Pain relief after cesarean delivery can be provided in a few ways. Most commonly, certain medications called opioids, such as morphine, are given through the vein or into the muscle. However, a more effective way to give pain relief with fewer side effects (such as nausea and slowing your breathing) is to give opioids in the spinal space as part of the medications given for a cesarean delivery.

For many years, the opioid of choice was morphine due to its long anesthetic effect and acceptable side effect profile. A nation-wide disruption in the supply of preservative-free morphine has made it necessary to look for alternatives. Many institutions worldwide have used another opioid, called hydromorphone, in the spinal space for over a decade. This drug has a very good safety and side effect profile and has been used at our institution for more than a year. Of interest, while a number of different doses of hydromorphone have been used, there have been very few studies to evaluate the best dose for providing good pain relief with minimal side effects. The goal of this study is to find the best dose of spinal hydromorphone for women undergoing cesarean delivery.


Clinical Trial Description

Intrathecal opioids in have been shown to produce analgesia. Lipid solubility and effect on specific mu opioid receptors in the dorsal horn of the spinal cord primarily determine the analgesic effect of intrathecally injected opioids. Rostral spread of intrathecal opioids causes some of the side effects like pruritus, respiratory depression, nausea and vomiting.

In our institute, during cesarean delivery under spinal anesthesia is usually performed with 1.6-1.8 ml of 0.75% bupivacaine with dextrose (hyperbaric solution) with 10-20mcg of fentanyl. Preservative free intrathecal (IT) morphine100 to 200 mcg is injected at the time of initiation of spinal block for postoperative pain relief. Multiple studies have shown excellent postoperative pain relief following cesarean delivery up to 18hrs with this dosing regimen.

However, there has been a national shortage of preservative free morphine since August 2012. Based on the pharmacokinetic and pharmacodynamic profile, intrathecal (IT) preservative free hydromorphone 100 mcg has been used as a substitute. Anecdotal experience during the past 8 months suggest that patients have comparable post partum pain relief, with a similar side-effect profile to IT morphine.

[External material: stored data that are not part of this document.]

Lemma is_derive_qphase po th : po ^ 2 < 2 ->
  is_derive (qphase po) th (po * cos th * dtime po th).
Proof.
  intros Hpo. pose proof (gpot_range po th Hpo) as Hu.
  unfold qphase, dtime, kdens, qgap, dfac, gpot in *.
  auto_derive;
    replace (1 + - (po * (po * 1) / 2 * (sin th * (sin th * 1))))
      with (1 - po ^ 2 / 2 * sin th ^ 2) by field;
    assert (Hw : 0 < 1 - po ^ 2 / 2 * sin th ^ 2) by lra;
    set (w := 1 - po ^ 2 / 2 * sin th ^ 2) in *;
    assert (Hr : 0 < sqrt w) by (apply sqrt_lt_R0; lra);
    assert (Erw : sqrt w * sqrt w = w) by (apply sqrt_sqrt; lra);
    set (r := sqrt w) in *;
    assert (Ha : 0 < sqrt r) by (apply sqrt_lt_R0; lra);
    assert (Ear : sqrt r * sqrt r = r) by (apply sqrt_sqrt; lra);
    set (a := sqrt r) in *;
    replace (a * (a * 1)) with (a ^ 2) by ring;
    assert (HS : 0 < sqrt ((1 + a) * (1 + a ^ 2))) by (apply sqrt_lt_R0; nra).
  - repeat split; nra.
  - assert (ES : sqrt ((1 + a) * (1 + a ^ 2)) * sqrt ((1 + a) * (1 + a ^ 2))
                 = (1 + a) * (1 + a ^ 2)) by (apply sqrt_sqrt; nra).
    set (S := sqrt ((1 + a) * (1 + a ^ 2))) in *.
    pose proof sqrt2_pos. assert (E2 : sqrt 2 * sqrt 2 = 2) by (apply sqrt_sqrt; lra).
    set (s2 := sqrt 2) in *.
    (* everything reduces to g q = po^2/2 sin^2 th, i.e. 1 - a^4 = po^2/2 sin^2 th *)
    assert (Ew : po ^ 2 * sin th ^ 2 = 2 * (1 - a ^ 4)).
    { replace (a ^ 4) with ((a * a) * (a * a)) by ring. rewrite Ear, Erw. unfold w. field. }
    clearbody w r a S s2. subst r w.
    field_simplify_eq; [|lra].
    replace (S ^ 4) with ((S * S) * (S * S)) by ring. replace (S ^ 2) with (S * S) by ring.
    rewrite ES.
    replace (12 * po ^ 3 * cos th * sin th ^ 2 * a ^ 2 + 8 * po ^ 3 * cos th * sin th ^ 2 * a
             + 4 * po ^ 3 * cos th * sin th ^ 2)
      with (4 * po * cos th * (po ^ 2 * sin th ^ 2) * (3 * a ^ 2 + 2 * a + 1)) by ring.
    rewrite Ew. ring.
Qed.

Lemma dg_qphase po th : po ^ 2 < 2 -> dg (qphase po th) = po * sin th / dtime po th.
Proof.
  intros H. pose proof (qphase_sq po th H) as Eq. pose proof (gpot_range po th H) as Hu.
  pose proof (qgap_pos _ (proj2 Hu)) as Ha.
  pose proof (dfac_pos _ (Rlt_le _ _ Ha)) as HD. pose proof (sqrt_lt_R0 _ HD) as HS.
  pose proof sqrt2_pos. pose proof sqrt2_sq.
  unfold dg. rewrite Eq, Rmax_right by lra.
  replace (1 - (1 - qgap (gpot po th))) with (qgap (gpot po th)) by ring.
  unfold dtime, kdens, qphase. field_simplify_eq.
  - rewrite pow2_sqrt by lra. ring.
  - repeat split; try lra; apply pow_nonzero; lra.
Qed.

Lemma qphase_lt_top po x : 0 < po -> po ^ 2 < 2 -> sin x < 1 -> qphase po x < qphase po (PI / 2).
Proof.
  intros Hpo Hsq Hx.
  assert (Hsign : forall y, 0 < sqrt (dfac (qgap (gpot po y))) /\ 0 < po / sqrt 2).
  { intro y. pose proof (gpot_range po y Hsq). pose proof sqrt2_pos. split.
    - apply sqrt_lt_R0, dfac_pos. left. apply qgap_pos. lra.
    - apply Rdiv_lt_0_compat; lra. }
  assert (Htop : 0 < qphase po (PI / 2)).
  { destruct (Hsign (PI / 2)). unfold qphase. rewrite sin_PI2.
    apply Rdiv_lt_0_compat; lra. }
  destruct (Rle_or_lt (sin x) 0) as [Hneg | Hpos].
  - destruct (Hsign x). unfold qphase at 1. unfold Rdiv at 2.
    assert (po / sqrt 2 * sin x <= 0) by nra.
    assert (0 < / sqrt (dfac (qgap (gpot po x)))) by (apply Rinv_0_lt_compat; lra). nra.
  - assert (Hg : gpot po x < gpot po (PI / 2)).
    { unfold gpot. rewrite sin_PI2. assert (0 < po ^ 2) by (apply pow_lt; lra).
      assert (sin x ^ 2 < 1) by nra. nra. }
    pose proof (qgap_lt _ _ (conj Hg (proj2 (gpot_range po (PI / 2) Hsq)))).
    pose proof (qphase_sq po x Hsq). pose proof (qphase_sq po (PI / 2) Hsq).
    destruct (Rlt_or_le (qphase po x) (qphase po (PI / 2))) as [Hlt | Hge]; [exact Hlt|].
    assert (qphase po (PI / 2) ^ 2 <= qphase po x ^ 2) by (apply pow_incr; lra). lra.
Qed.

(** * The explicit periodic solution *)

Definition time (po x : R) : R := RInt (dtime po) 0 x.
Definition period (po : R) : R := time po (2 * PI).

Lemma is_derive_time po x : po ^ 2 < 2 -> is_derive (time po) x (dtime po x).
Proof. intros H. apply is_derive_RInt_0. intro y. apply dtime_continuous, H. Qed.

Lemma time_0 po : time po 0 = 0.
Proof. apply (RInt_point (V := R_CompleteNormedModule)). Qed.

Lemma time_shift po x : po ^ 2 < 2 -> time po (x + 2 * PI) = time po x + period po.
Proof.
  intros H. apply RInt_periodic_shift; [apply dtime_periodic|].
  intro y. apply dtime_continuous, H.
Qed.

Lemma ex_RInt_dtime po a b : po ^ 2 < 2 -> ex_RInt (dtime po) a b.
Proof.
  intros H. apply (ex_RInt_continuous (V := R_CompleteNormedModule)).
  intros; apply dtime_continuous, H.
Qed.

Section ExplicitSolution.

Variable po : R.
Hypothesis po_range : 0 < po < sqrt 2.
Variable th : R -> R.
Hypothesis time_th : forall t, time po (th t) = t.
Hypothesis th_derive : forall t, is_derive th t (/ dtime po (th t)).

Let po_sq : po ^ 2 < 2 := lt_sqrt2_sq po po_range.
Let time_derive x : is_derive (time po) x (dtime po x) := is_derive_time po x po_sq.
Let dtime_bound x : / (2 * sqrt 2) <= dtime po x := dtime_ge po x po_sq.
Let time_lt := lt_of_derive_ge _ _ _ inv_2sqrt2_pos time_derive dtime_bound.
Let time_inj := inj_of_derive_ge _ _ _ inv_2sqrt2_pos time_derive dtime_bound.

Let lt_of_time_lt x y : time po x < time po y -> x < y.
Proof.
  intros H. destruct (Rlt_or_le x y) as [Hxy | [Hyx | ->]]; auto.
  - apply time_lt in Hyx. lra.
  - lra.
Qed.

Let th_time x : th (time po x) = x.
Proof. apply time_inj, time_th. Qed.

Let th_0 : th 0 = 0.
Proof. rewrite <- (time_0 po) at 1. apply th_time. Qed.

Let th_shift t : th (t + period po) = th t + 2 * PI.
Proof. apply time_inj. rewrite time_shift by exact po_sq. rewrite !time_th. reflexivity. Qed.

Lemma is_global_solution_phase :
  is_global_solution po (fun t => qphase po (th t)) (fun t => po * cos (th t)).
Proof.
  assert (Hk : forall t, dtime po (th t) <> 0) by (intro t; apply Rgt_not_eq, dtime_pos, po_sq).
  split; [|split; [|split]].
  - intro t.
    replace (po * cos (th t)) with (/ dtime po (th t) * (po * cos (th t) * dtime po (th t)))
      by (field; apply Hk).
    apply (is_derive_comp (qphase po) th); [apply is_derive_qphase, po_sq | apply th_derive].
  - intro t. rewrite Derive_g, dg_qphase by exact po_sq.
    replace (- (po * sin (th t) / dtime po (th t)))
      with (/ dtime po (th t) * (po * - sin (th t))) by (field; apply Hk).
    apply (is_derive_comp (fun x => po * cos x) th); [auto_derive; auto; ring | apply th_derive].
  - rewrite th_0. unfold qphase. rewrite sin_0. unfold Rdiv. ring.
  - rewrite th_0, cos_0. ring.
Qed.

Lemma is_min_period_phase : is_min_period (fun t => qphase po (th t)) (period po).
Proof.
  split; [|split].
  - rewrite <- (time_0 po). apply time_lt. pose proof PI_RGT_0. lra.
  - intro t. rewrite th_shift. unfold qphase, gpot.
    rewrite sin_plus, sin_2PI, cos_2PI, Rmult_0_r, Rplus_0_r, Rmult_1_r. reflexivity.
  - intros T' [HT0 HT] Hper. specialize (Hper (time po (PI / 2))).
    cbv beta in Hper. rewrite th_time in Hper.
    set (x := th (time po (PI / 2) + T')) in Hper.
    assert (Hx : time po x = time po (PI / 2) + T') by apply time_th.
    assert (Hrange : PI / 2 < x < 5 * PI / 2).
    { replace (5 * PI / 2) with (PI / 2 + 2 * PI) by field.
      split; apply lt_of_time_lt; rewrite ?time_shift, Hx by exact po_sq; lra. }
    pose proof (qphase_lt_top po x (proj1 po_range) po_sq (sin_lt_1 x Hrange)). lra.
Qed.

End ExplicitSolution.

Lemma is_min_period_ext (f g : R -> R) (T : R) :
  (forall t, f t = g t) -> is_min_period f T -> is_min_period g T.
Proof.
  intros E [HT [Hper Hmin]]. split; [exact HT | split].
  - intro t. rewrite <- !E. apply Hper.
  - intros T' HT' Hg. apply (Hmin T' HT'). intro t. rewrite !E. apply Hg.
Qed.

Lemma exists_periodic_solution po : 0 < po < sqrt 2 ->
  exists q p, is_global_solution po q p /\ is_min_period q (period po).
Proof.
  intros H. pose proof (lt_sqrt2_sq po H) as Hsq.
  destruct (exists_derivable_inverse (time po) (dtime po) _ inv_2sqrt2_pos
    (fun x => is_derive_time po x Hsq) (fun x => dtime_ge po x Hsq)) as [th [Hth Hd]].
  exists (fun t => qphase po (th t)), (fun t => po * cos (th t)).
  split; [apply is_global_solution_phase | apply is_min_period_phase]; assumption.
Qed.

Lemma is_min_period_global_solution po q p : 0 < po < sqrt 2 ->
  is_global_solution po q p -> is_min_period q (period po).
Proof.
  intros H Hs. destruct (exists_periodic_solution po H) as [q0 [p0 [Hs0 Hmin]]].
  apply (is_min_period_ext q0); [|exact Hmin].
  apply (is_global_solution_unique po q0 p0 q p Hs0 Hs).
Qed.

(** * Properties of the period *)

Lemma period_ge po : po ^ 2 < 2 -> PI / sqrt 2 <= period po.
Proof.
  intros H. pose proof sqrt2_pos. pose proof PI_RGT_0.
  replace (PI / sqrt 2) with (/ (2 * sqrt 2) * (2 * PI - 0)) by (field; lra).
  rewrite <- RInt_const_R.
  apply RInt_le; [lra | apply ex_RInt_const | apply ex_RInt_dtime, H |].
  intros x _. apply dtime_ge, H.
Qed.

Lemma period_0 : period 0 = PI / sqrt 2.
Proof.
  unfold period, time. rewrite (RInt_ext _ (fun _ => kdens 0)).
  - rewrite RInt_const_R, kdens_0. pose proof sqrt2_pos. field. lra.
  - intros x _. unfold dtime. replace (gpot 0 x) with 0 by (unfold gpot; field). reflexivity.
Qed.

Lemma period_lt a b : 0 <= a -> a < b -> b ^ 2 < 2 -> period a < period b.
Proof.
  intros Ha Hab Hb. assert (Hab2 : a ^ 2 < b ^ 2) by nra.
  assert (Ha2 : a ^ 2 < 2) by lra. pose proof PI_RGT_0.
  unfold period, time.
  rewrite <- (RInt_Chasles (V := R_CompleteNormedModule) (dtime a) 0 PI (2 * PI))
    by apply ex_RInt_dtime, Ha2.
  rewrite <- (RInt_Chasles (V := R_CompleteNormedModule) (dtime b) 0 PI (2 * PI))
    by apply ex_RInt_dtime, Hb.
  apply Rplus_lt_le_compat.
  - apply RInt_lt; [lra | intros; apply dtime_continuous, Hb |
                     intros; apply dtime_continuous, Ha2 |].
    intros x Hx. apply kdens_lt. split; [|apply gpot_range, Hb].
    apply gpot_lt; [exact Hab2 | apply Rgt_not_eq, sin_gt_0; lra].
  - apply RInt_le; [lra | apply ex_RInt_dtime, Ha2 | apply ex_RInt_dtime, Hb |].
    intros x _. apply kdens_le. split; [apply gpot_le; lra | apply gpot_range, Hb].
Qed.

Lemma period_continuous po : po ^ 2 < 2 -> continuous period po.
Proof.
  intros H. pose proof PI_RGT_0. apply continuous_RInt_param; [lra|].
  intros eps Heps. destruct (dtime_uniform po H eps Heps) as [d [Hd Hclose]].
  exists d. split; [exact Hd|]. intros x Hx. destruct (Hclose x Hx) as [Hx2 Hxt].
  split; [apply ex_RInt_dtime, Hx2 | intros; apply Hxt].
Qed.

There is no published data on the optimal dose of IT hydromorphone for post cesarean analgesia. There are case reports and retrospective case study of use of 100mcg IT hydromorphone. One randomized controlled trial for knee arthroscopy used 2.5-5-10 mcg of IT hydromorphone for postoperative analgesia.

Hence it is important to determine the optimal dose of IT hydromorphone for post operative pain management following cesarean delivery in terms of analgesic efficacy, incidence of side effects and the need for treatment interventions

This study will aim to determine the optimal dose of intrathecal hydromorphone that would provide adequate postoperative analgesia with minimal side effects. ;


Study Design

Allocation: Randomized, Endpoint Classification: Efficacy Study, Intervention Model: Parallel Assignment, Masking: Double Blind (Subject, Investigator)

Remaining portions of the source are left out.